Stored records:
======

(* Let $k\ge 3$ be an integer and let $\Omega\subset\mathbb{R}^4$ be a domain with smooth boundary and outer unit normal $\nu$. The boundary value problem for $\mathbb{C}^{2k}$-valued $u$: $\square_1^{(k)}u=f$ on $\Omega$, $D_0^{(k)*}(\nu)u|_{\partial\Omega}=0$, $D_1^{(k)*}(\nu)D_1^{(k)}u|_{\partial\Omega}=0$, is regular (satisfies the Shapiro–Lopatinskii condition).
   Context: Coordinates $x=(x_0,\dots,x_3)$; $\partial_{z_0}=\partial_{x_0}-i\partial_{x_1}$, $\partial_{\bar z_0}=\partial_{x_0}+i\partial_{x_1}$, $\partial_{z_1}=\partial_{x_2}-i\partial_{x_3}$, $\partial_{\bar z_1}=\partial_{x_2}+i\partial_{x_3}$. $D_0^{(k)}(\phi_0,\dots,\phi_k)=(\psi_0,\dots,\psi_{2k-1})$ with $\psi_{2j}=-\partial_{\bar z_1}\phi_j-\partial_{\bar z_0}\phi_{j+1}$, $\psi_{2j+1}=\partial_{z_0}\phi_j-\partial_{z_1}\phi_{j+1}$ ($0\le j\le k-1$); $(D_1^{(k)}\psi)_j=-\partial_{z_0}\psi_{2j}-\partial_{\bar z_1}\psi_{2j+1}+\partial_{z_1}\psi_{2j+2}-\partial_{\bar z_0}\psi_{2j+3}$ ($0\le j\le k-2$). For $D=\sum_jA_j\partial_{x_j}$ with constant matrices, $D^*=-\sum_j\overline{A_j}^{\,t}\partial_{x_j}$ and $D(\nu)=\sum_jA_j\nu_j$. $\square_1^{(k)}=D_0^{(k)}D_0^{(k)*}+D_1^{(k)*}D_1^{(k)}$ (an elliptic second-order operator). Regularity (Shapiro–Lopatinskii): for each $x\in\partial\Omega$ and nonzero $\xi\in\mathbb{R}^4$ with $\xi\perp\nu_x$, the only bounded solution $u\in C^\infty([0,\infty),\mathbb{C}^{2k})$ of $\square_1^{(k)}(i\xi+n\partial_t)u(t)=0$ with $D_0^{(k)*}(n)u(0)=0$ and $D_1^{(k)*}(n)D_1^{(k)}(i\xi+n\partial_t)u(0)=0$ is $u=0$, where $n$ is the inner unit normal at $x$ and $Q(i\xi+n\partial_t)$ means replacing each $\partial_{x_l}$ by $i\xi_l+n_l\partial_t$. *)

From Stdlib Require Import Reals.
From Coquelicot Require Import Coquelicot.
Open Scope R_scope.
(* With $U_0,\Omega'_0,U'_0,y,\Upsilon_y,Z_y,S_2$ as in the context, let $Z'_y$ be the unique function on $\mathbb{K}^E$ with $dZ'_y=\cos\Upsilon_y\,dU'_0+\sin\Upsilon_y\star dU'_0$ and $Z'_y\to0$ at infinity. Then the one-form $$\mathbf{T}_2=-\frac{4}{\rho}S_2\star d(Z'_y+U'_0)$$ satisfies on $\mathbb{K}^E$ $$d(\rho\star\mathbf{T}_2)=8\sin\Upsilon_y\,e^{-2U_0-2Z_y}\,d\Omega'_0\wedge\star dU'_0,$$ equivalently $\nabla_aT_2^a=\frac{8}{\sqrt{\rho^2+(z-y)^2}}e^{-2U_0-2Z_y}(d\Omega'_0,dU'_0)_\gamma$ off the axis.
   Context: Let $\mathbb{E}^3$ have cylindrical coordinates $(\rho,z,\phi)$ and flat metric $\gamma=d\rho^2+dz^2+\rho^2d\phi^2$, with covariant derivative $\nabla$. Let $\Sigma_0$ be a $C^1$ axially symmetric surface diffeomorphic to a 2-sphere, given by $\{\rho=\rho_0(\mu),z=z_0(\mu),\phi=\varphi\}$, $\mu\in[\mu_S,\mu_N]$, with $\mu_S<\mu_N$ the only zeros of $\rho_0$ and $z_S:=z_0(\mu_S)<z_N:=z_0(\mu_N)$; $D_0$ is its unbounded exterior region. A function $f$ on $D_0$ is regular if it is $C^2$ on $D_0$, has a $C^1$ extension to $D_0\cup\Sigma_0$, and $rf$ is bounded ($r=\sqrt{\rho^2+z^2}$). $\mathbb{K}=\{(\rho,z):\rho\ge0\}$ carries the metric $d\rho^2+dz^2$ and Hodge star with $\star d\rho=-dz$, $\star dz=d\rho$; axially symmetric functions and one-forms $T^\rho d\rho+T^zdz$ are identified with objects on $\mathbb{K}$; $\mathbb{K}^E$ is the projection of $D_0$. $U_0$ and $U'_0$ are axially symmetric regular flat-harmonic functions on $D_0$, and $\Omega'_0$ an axially symmetric regular solution of $\triangle_\gamma\Omega'_0-4(d\Omega'_0,dU_0)_\gamma=0$. For $y\in(z_S,z_N)$: $\cos\Upsilon_y=(z-y)/\sqrt{\rho^2+(z-y)^2}$, $\sin\Upsilon_y=\rho/\sqrt{\rho^2+(z-y)^2}$; $Z_y$ is the solution of $dZ_y=\cos\Upsilon_y\,dU_0+\sin\Upsilon_y\star dU_0$ vanishing at infinity; $S_2$ is the solution vanishing at infinity of $dS_2=e^{-2U_0-2Z_y}[(1-\cos\Upsilon_y)d\Omega'_0-\sin\Upsilon_y\star d\Omega'_0]$. *)

From Stdlib Require Import Reals Lra.
From Coquelicot Require Import Coquelicot.
Open Scope R_scope.

Definition dist3 (x y z x' y' z' : R) : R :=
  sqrt ((x - x') ^ 2 + (y - y') ^ 2 + (z - z') ^ 2).

Definition cont_within (S : R -> R -> R -> Prop) (F : R -> R -> R -> R)
  (x y z : R) : Prop :=
  forall eps, 0 < eps -> exists del, 0 < del /\
    forall x' y' z', S x' y' z' -> dist3 x' y' z' x y z < del ->
      Rabs (F x' y' z' - F x y z) < eps.

Definition pd3 (i : nat) (F : R -> R -> R -> R) : R -> R -> R -> R :=
  fun x y z => match i with
  | O => Derive (fun t => F t y z) x
  | S O => Derive (fun t => F x t z) y
  | _ => Derive (fun t => F x y t) z
  end.

Definition ex_pd3 (i : nat) (F : R -> R -> R -> R) (x y z : R) : Prop :=
  match i with
  | O => ex_derive (fun t => F t y z) x
  | S O => ex_derive (fun t => F x t z) y
  | _ => ex_derive (fun t => F x y t) z
  end.

Definition C2_on (D : R -> R -> R -> Prop) (F : R -> R -> R -> R) : Prop :=
  forall x y z, D x y z ->
    cont_within D F x y z /\
    forall i j, (i < 3)%nat -> (j < 3)%nat ->
      ex_pd3 i F x y z /\ cont_within D (pd3 i F) x y z /\
      ex_pd3 j (pd3 i F) x y z /\ cont_within D (pd3 j (pd3 i F)) x y z.

(* F (with its first partials) has a C^1 extension to D ∪ Σ *)
Definition C1_ext (D Sg : R -> R -> R -> Prop) (F : R -> R -> R -> R) : Prop :=
  exists G : nat -> R -> R -> R -> R,
    (forall x y z, D x y z ->
       G 3%nat x y z = F x y z /\
       forall i, (i < 3)%nat -> G i x y z = pd3 i F x y z) /\
    (forall x y z, (D x y z \/ Sg x y z) ->
       forall i, (i <= 3)%nat ->
         cont_within (fun a b c => D a b c \/ Sg a b c) (G i) x y z).

Definition r3 (x y z : R) : R := sqrt (x ^ 2 + y ^ 2 + z ^ 2).

Definition regular3 (D Sg : R -> R -> R -> Prop) (F : R -> R -> R -> R) : Prop :=
  C2_on D F /\ C1_ext D Sg F /\
  exists M, forall x y z, D x y z -> r3 x y z * Rabs (F x y z) <= M.

Definition lap3 (F : R -> R -> R -> R) : R -> R -> R -> R :=
  fun x y z => pd3 0 (pd3 0 F) x y z + pd3 1 (pd3 1 F) x y z + pd3 2 (pd3 2 F) x y z.

Definition gdot3 (F G : R -> R -> R -> R) : R -> R -> R -> R :=
  fun x y z => pd3 0 F x y z * pd3 0 G x y z + pd3 1 F x y z * pd3 1 G x y z
             + pd3 2 F x y z * pd3 2 G x y z.

(* axially symmetric function on E^3 determined by its values on K *)
Definition lift (f : R -> R -> R) : R -> R -> R -> R :=
  fun x y z => f (sqrt (x ^ 2 + y ^ 2)) z.

Definition Sigma0 (rho0 z0 : R -> R) (muS muN : R) (x y z : R) : Prop :=
  exists mu phi, muS <= mu <= muN /\
    x = rho0 mu * cos phi /\ y = rho0 mu * sin phi /\ z = z0 mu.

(* C^1 profile curve of an embedded axially symmetric sphere *)
Definition sphere_profile (rho0 z0 : R -> R) (muS muN : R) : Prop :=
  muS < muN /\ rho0 muS = 0 /\ rho0 muN = 0 /\
  (forall mu, muS < mu < muN -> 0 < rho0 mu) /\
  z0 muS < z0 muN /\
  (forall mu, muS <= mu <= muN ->
     ex_derive rho0 mu /\ ex_derive z0 mu /\
     continuity_pt (Derive rho0) mu /\ continuity_pt (Derive z0) mu /\
     (Derive rho0 mu <> 0 \/ Derive z0 mu <> 0)) /\
  (forall mu mu', muS <= mu <= muN -> muS <= mu' <= muN ->
     rho0 mu = rho0 mu' -> z0 mu = z0 mu' -> mu = mu').
Local Notation Im := (Defs.Im Q g).
Local Notation Am := (Am Q g tol).
Local Notation Mv := (Mv Q g tol).
Local Notation next_act := (next_act Q g tol).
Local Notation stops := (stops Q g tol).
Local Notation q := (q Q g).
Local Notation xsub := (xsub Q g).

Lemma Im_subC A : Im A \subset ~: A.
Proof. by rewrite Im_xsub; apply/subsetP => k; rewrite inE => /andP[]. Qed.

Lemma Am_sub A : Am A \subset A.
Proof. by apply/subsetP => k; rewrite inE => /andP[]. Qed.

Lemma next_act_Im1 A k : k \in Im A -> next_act A [set k] = k |: A.
Proof.
move=> kIm; have kA : k \notin A by have := subsetP (Im_subC A) k kIm; rewrite inE.
apply/setP => x; rewrite !inE; have [->|xk] := eqVneq x k; first by rewrite kIm !orbT.
by rewrite andbF orbF /=; case: (x \in A); case: (sA Q g A x < - tol).
Qed.

Lemma next_act_Am1 A j : j \in Am A -> next_act A [set j] = A :\ j.
Proof.
move=> jAm; have jIm : j \notin Im A.
  by apply/negP => /(subsetP (Im_subC A)); rewrite inE (subsetP (Am_sub A) j jAm).
apply/setP => x; rewrite !inE; have [->|xj] /= := eqVneq x j.
  by move: jAm; rewrite inE => /andP[-> ->]; rewrite (negPf jIm).
by rewrite andbF orbF; case: (x \in A); case: (sA Q g A x < - tol).
Qed.

Fixpoint reach K A : bool :=
  stops A || if K is K'.+1 then
    [exists C : {set 'I_n}, (C \subset Mv A) && reach K' (next_act A C)] else false.

Lemma reach_mono K K' A : (K <= K')%N -> reach K A -> reach K' A.
Proof.
elim: K K' A => [|K IH] [|K'] A //= KK'; first by case/orP => [->|].
case/orP => [->//|/existsP[C /andP[CM r]]].
by apply/orP; right; apply/existsP; exists C; rewrite CM (IH K').
Qed.

Definition leads_to A B := exists m, forall K, reach K B -> reach (K + m) A.

Lemma leads_to_refl A : leads_to A A.
Proof. by exists 0%N => K; rewrite addn0. Qed.

Lemma leads_to_trans A B C : leads_to A B -> leads_to B C -> leads_to A C.
Proof.
by case=> m1 h1 [m2 h2]; exists (m2 + m1)%N => K /h2/h1; rewrite addnA.
Qed.

Lemma leads_to_next_act A C : C \subset Mv A -> leads_to A (next_act A C).
Proof.
move=> CM; exists 1%N => K r; rewrite addn1 /=.
by apply/orP; right; apply/existsP; exists C; rewrite CM.
Qed.

Definition feasible J w :=
  (forall k, 0 <= w k 0) /\ (forall k, k \notin J -> w k 0 = 0).

Lemma feasible_xsub I : Im (~: I) = set0 -> feasible I (xsub I).
Proof.
move=> Im0; split=> k; last exact: xsub_notin.
have [kI|kI] := boolP (k \in I); last by rewrite xsub_notin.
rewrite leNgt; apply/negP => xk.
have : k \in Im (~: I) by rewrite Im_xsub setCK inE kI ltW.
by rewrite Im0 inE.
Qed.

======

▸ Exercise description
All lines in the preceding records that hold the word "Stdlib" need to be copied.

▸ Output of the exercise
From Stdlib Require Import Reals.
From Stdlib Require Import Reals Lra.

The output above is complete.